:: What you have to do ::
Your task is to filter the data below down to the lines holding "eqType".

[Saved entries]
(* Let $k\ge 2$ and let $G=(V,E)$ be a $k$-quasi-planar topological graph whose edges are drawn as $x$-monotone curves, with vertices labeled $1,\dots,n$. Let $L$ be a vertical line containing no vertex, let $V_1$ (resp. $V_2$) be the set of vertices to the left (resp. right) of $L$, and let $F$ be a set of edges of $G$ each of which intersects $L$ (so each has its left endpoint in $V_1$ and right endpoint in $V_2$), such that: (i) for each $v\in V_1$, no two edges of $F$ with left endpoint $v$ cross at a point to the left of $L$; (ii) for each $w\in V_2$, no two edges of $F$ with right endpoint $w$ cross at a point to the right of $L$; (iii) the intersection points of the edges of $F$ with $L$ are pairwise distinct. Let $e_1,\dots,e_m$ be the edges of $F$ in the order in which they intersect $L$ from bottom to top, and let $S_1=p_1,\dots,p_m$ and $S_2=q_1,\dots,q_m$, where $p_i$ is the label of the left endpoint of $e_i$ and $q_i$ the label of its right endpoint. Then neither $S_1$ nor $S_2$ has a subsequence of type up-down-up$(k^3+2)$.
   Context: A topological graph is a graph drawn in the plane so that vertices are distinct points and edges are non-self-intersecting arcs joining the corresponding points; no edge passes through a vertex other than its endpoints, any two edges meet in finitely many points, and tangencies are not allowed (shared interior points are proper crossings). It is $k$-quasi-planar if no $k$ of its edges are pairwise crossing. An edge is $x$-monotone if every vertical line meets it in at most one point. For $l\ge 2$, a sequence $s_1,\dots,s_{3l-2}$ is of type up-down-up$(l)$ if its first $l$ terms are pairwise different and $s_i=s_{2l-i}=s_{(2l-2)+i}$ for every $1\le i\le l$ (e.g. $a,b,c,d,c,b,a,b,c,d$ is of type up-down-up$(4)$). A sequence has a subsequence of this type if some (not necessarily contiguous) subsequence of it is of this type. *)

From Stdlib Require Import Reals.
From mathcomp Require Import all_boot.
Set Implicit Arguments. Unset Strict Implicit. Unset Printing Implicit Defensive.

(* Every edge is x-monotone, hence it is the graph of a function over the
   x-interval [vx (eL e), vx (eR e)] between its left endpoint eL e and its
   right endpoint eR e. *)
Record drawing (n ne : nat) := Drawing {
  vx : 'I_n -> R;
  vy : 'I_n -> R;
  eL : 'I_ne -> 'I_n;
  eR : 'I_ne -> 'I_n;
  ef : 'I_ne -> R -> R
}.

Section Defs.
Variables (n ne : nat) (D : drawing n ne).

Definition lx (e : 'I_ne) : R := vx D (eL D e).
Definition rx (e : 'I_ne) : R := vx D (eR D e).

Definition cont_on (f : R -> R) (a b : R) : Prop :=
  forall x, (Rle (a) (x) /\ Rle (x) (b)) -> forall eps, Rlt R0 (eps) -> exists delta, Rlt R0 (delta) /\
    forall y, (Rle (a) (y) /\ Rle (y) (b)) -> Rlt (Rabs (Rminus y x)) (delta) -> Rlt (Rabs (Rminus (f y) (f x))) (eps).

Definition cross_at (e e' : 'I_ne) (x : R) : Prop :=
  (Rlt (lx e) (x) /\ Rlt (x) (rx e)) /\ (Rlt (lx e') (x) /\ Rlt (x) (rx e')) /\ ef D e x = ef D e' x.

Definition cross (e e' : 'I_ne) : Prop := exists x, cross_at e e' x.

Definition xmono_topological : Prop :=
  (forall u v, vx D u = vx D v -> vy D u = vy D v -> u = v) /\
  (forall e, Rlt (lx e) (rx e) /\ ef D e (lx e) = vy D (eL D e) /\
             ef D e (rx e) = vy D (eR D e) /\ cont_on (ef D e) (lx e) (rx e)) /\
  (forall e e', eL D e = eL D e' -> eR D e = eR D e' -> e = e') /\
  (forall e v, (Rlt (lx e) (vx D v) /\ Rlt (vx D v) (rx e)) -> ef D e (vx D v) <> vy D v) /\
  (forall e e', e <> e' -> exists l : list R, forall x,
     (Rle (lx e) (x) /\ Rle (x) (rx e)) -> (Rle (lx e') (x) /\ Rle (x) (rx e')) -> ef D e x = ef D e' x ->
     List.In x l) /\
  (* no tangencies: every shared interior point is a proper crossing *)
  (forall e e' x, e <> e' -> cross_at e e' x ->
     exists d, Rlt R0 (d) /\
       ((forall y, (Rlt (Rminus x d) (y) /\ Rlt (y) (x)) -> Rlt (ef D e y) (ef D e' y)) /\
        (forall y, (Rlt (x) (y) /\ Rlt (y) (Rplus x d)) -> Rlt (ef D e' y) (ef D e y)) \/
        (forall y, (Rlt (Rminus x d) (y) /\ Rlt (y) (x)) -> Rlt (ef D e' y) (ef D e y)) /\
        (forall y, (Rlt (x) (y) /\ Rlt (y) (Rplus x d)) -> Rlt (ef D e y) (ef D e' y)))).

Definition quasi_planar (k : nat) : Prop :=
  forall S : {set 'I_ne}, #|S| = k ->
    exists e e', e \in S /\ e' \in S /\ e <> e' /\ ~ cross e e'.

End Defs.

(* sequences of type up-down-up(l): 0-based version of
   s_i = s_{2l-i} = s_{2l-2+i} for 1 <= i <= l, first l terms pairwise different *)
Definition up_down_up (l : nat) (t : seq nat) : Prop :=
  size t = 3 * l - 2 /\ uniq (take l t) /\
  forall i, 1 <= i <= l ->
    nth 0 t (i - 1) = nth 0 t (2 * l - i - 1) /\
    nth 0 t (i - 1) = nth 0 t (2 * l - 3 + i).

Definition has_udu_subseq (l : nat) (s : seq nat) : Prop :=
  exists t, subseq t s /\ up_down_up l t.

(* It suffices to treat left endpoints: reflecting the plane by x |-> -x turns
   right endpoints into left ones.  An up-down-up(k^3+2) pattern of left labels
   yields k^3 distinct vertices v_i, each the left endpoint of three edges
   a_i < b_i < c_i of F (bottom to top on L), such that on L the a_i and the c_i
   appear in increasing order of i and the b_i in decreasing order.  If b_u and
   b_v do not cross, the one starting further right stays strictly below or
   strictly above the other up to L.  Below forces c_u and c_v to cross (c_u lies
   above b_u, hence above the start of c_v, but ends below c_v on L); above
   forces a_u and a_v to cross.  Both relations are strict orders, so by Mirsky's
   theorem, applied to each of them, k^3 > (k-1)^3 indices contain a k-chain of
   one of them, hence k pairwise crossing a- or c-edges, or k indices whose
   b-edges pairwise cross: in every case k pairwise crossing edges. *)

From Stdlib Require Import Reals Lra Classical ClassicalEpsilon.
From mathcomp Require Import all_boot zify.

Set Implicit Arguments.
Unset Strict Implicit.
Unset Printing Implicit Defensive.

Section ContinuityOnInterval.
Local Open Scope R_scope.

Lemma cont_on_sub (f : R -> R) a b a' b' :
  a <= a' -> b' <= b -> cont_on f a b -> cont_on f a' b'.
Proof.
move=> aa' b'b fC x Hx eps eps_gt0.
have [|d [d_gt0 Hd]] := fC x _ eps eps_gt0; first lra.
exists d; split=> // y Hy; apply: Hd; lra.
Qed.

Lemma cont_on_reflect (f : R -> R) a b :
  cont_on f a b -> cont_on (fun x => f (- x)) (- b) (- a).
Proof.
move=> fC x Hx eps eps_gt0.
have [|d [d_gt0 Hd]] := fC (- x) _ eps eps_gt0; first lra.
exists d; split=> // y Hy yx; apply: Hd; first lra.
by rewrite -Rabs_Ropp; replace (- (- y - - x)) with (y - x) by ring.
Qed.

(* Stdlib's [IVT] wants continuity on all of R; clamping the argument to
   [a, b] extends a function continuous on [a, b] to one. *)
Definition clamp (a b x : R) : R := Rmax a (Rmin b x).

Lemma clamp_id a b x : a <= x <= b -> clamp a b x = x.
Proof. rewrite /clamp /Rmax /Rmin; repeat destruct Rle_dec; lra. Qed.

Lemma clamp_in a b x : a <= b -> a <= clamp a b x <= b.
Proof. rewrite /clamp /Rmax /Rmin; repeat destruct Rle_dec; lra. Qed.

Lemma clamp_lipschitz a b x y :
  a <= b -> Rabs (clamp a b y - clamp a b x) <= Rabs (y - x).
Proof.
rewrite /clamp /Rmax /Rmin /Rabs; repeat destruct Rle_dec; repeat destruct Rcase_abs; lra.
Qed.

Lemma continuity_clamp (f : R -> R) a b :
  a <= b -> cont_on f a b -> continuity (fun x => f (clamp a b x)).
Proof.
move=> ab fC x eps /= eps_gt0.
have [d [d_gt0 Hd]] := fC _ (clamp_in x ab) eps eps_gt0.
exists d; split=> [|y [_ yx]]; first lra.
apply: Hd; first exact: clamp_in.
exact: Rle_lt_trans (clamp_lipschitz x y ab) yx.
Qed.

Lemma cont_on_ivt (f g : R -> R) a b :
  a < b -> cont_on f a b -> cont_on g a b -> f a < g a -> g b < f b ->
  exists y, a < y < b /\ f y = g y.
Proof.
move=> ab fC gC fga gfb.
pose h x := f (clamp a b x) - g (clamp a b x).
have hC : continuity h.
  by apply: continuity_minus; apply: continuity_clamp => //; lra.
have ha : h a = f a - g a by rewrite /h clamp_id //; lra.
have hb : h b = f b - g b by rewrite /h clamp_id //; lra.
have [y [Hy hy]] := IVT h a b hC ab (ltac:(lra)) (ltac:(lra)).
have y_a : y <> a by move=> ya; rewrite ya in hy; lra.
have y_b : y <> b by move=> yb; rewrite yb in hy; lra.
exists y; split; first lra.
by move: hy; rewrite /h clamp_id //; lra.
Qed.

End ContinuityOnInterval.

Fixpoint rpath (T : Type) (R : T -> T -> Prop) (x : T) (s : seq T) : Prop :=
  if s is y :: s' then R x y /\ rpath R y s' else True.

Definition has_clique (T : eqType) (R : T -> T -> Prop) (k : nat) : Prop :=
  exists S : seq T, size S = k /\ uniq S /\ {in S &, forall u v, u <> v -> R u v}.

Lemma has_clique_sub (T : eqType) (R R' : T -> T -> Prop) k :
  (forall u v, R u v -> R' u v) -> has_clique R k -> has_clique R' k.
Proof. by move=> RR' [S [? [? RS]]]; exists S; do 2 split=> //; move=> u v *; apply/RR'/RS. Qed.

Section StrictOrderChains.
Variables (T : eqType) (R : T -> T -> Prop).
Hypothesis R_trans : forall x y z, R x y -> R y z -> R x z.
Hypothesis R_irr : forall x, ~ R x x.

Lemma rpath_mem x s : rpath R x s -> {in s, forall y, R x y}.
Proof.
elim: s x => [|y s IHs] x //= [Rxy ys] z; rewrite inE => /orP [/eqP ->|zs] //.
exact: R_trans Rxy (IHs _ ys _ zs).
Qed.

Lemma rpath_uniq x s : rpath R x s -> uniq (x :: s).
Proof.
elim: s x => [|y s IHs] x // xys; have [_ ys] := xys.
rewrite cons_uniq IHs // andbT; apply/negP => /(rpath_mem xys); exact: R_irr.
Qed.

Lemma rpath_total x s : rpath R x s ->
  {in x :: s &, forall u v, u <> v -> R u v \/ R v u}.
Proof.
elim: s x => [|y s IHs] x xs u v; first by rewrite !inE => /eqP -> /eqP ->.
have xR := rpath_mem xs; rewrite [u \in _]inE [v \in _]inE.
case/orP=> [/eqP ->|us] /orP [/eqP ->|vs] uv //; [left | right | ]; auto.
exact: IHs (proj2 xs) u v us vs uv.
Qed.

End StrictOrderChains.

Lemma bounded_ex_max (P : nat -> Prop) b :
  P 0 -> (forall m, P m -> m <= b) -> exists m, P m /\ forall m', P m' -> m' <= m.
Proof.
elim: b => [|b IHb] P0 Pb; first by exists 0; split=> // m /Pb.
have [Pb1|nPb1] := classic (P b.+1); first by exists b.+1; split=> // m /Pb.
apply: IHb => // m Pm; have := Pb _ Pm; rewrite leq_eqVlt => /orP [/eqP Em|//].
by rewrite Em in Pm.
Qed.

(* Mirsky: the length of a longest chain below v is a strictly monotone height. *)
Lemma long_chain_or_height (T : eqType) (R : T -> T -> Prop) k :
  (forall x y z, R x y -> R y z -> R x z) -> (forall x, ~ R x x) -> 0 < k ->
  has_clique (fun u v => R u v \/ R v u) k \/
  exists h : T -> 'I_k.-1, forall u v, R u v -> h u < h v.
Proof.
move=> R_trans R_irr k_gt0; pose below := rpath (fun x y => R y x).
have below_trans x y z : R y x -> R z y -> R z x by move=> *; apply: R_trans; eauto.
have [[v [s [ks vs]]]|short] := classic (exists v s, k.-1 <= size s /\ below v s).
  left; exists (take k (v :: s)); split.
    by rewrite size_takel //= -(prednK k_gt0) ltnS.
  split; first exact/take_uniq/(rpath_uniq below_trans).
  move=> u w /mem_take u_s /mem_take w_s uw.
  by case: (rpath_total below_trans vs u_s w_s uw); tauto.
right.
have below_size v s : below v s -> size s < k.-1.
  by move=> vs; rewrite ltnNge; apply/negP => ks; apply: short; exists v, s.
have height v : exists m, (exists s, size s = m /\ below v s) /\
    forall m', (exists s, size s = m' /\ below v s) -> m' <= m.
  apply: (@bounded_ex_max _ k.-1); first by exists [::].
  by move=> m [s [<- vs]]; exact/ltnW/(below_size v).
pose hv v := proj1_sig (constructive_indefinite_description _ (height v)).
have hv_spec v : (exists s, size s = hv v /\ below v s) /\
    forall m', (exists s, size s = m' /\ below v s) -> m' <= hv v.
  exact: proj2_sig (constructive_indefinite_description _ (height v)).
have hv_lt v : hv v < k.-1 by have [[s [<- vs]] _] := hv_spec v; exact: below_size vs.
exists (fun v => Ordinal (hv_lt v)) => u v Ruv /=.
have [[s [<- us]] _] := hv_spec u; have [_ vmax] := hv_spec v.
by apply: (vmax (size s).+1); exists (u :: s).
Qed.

:: Finished task ::
Definition has_clique (T : eqType) (R : T -> T -> Prop) (k : nat) : Prop :=
Lemma has_clique_sub (T : eqType) (R R' : T -> T -> Prop) k :
Variables (T : eqType) (R : T -> T -> Prop).
Lemma long_chain_or_height (T : eqType) (R : T -> T -> Prop) k :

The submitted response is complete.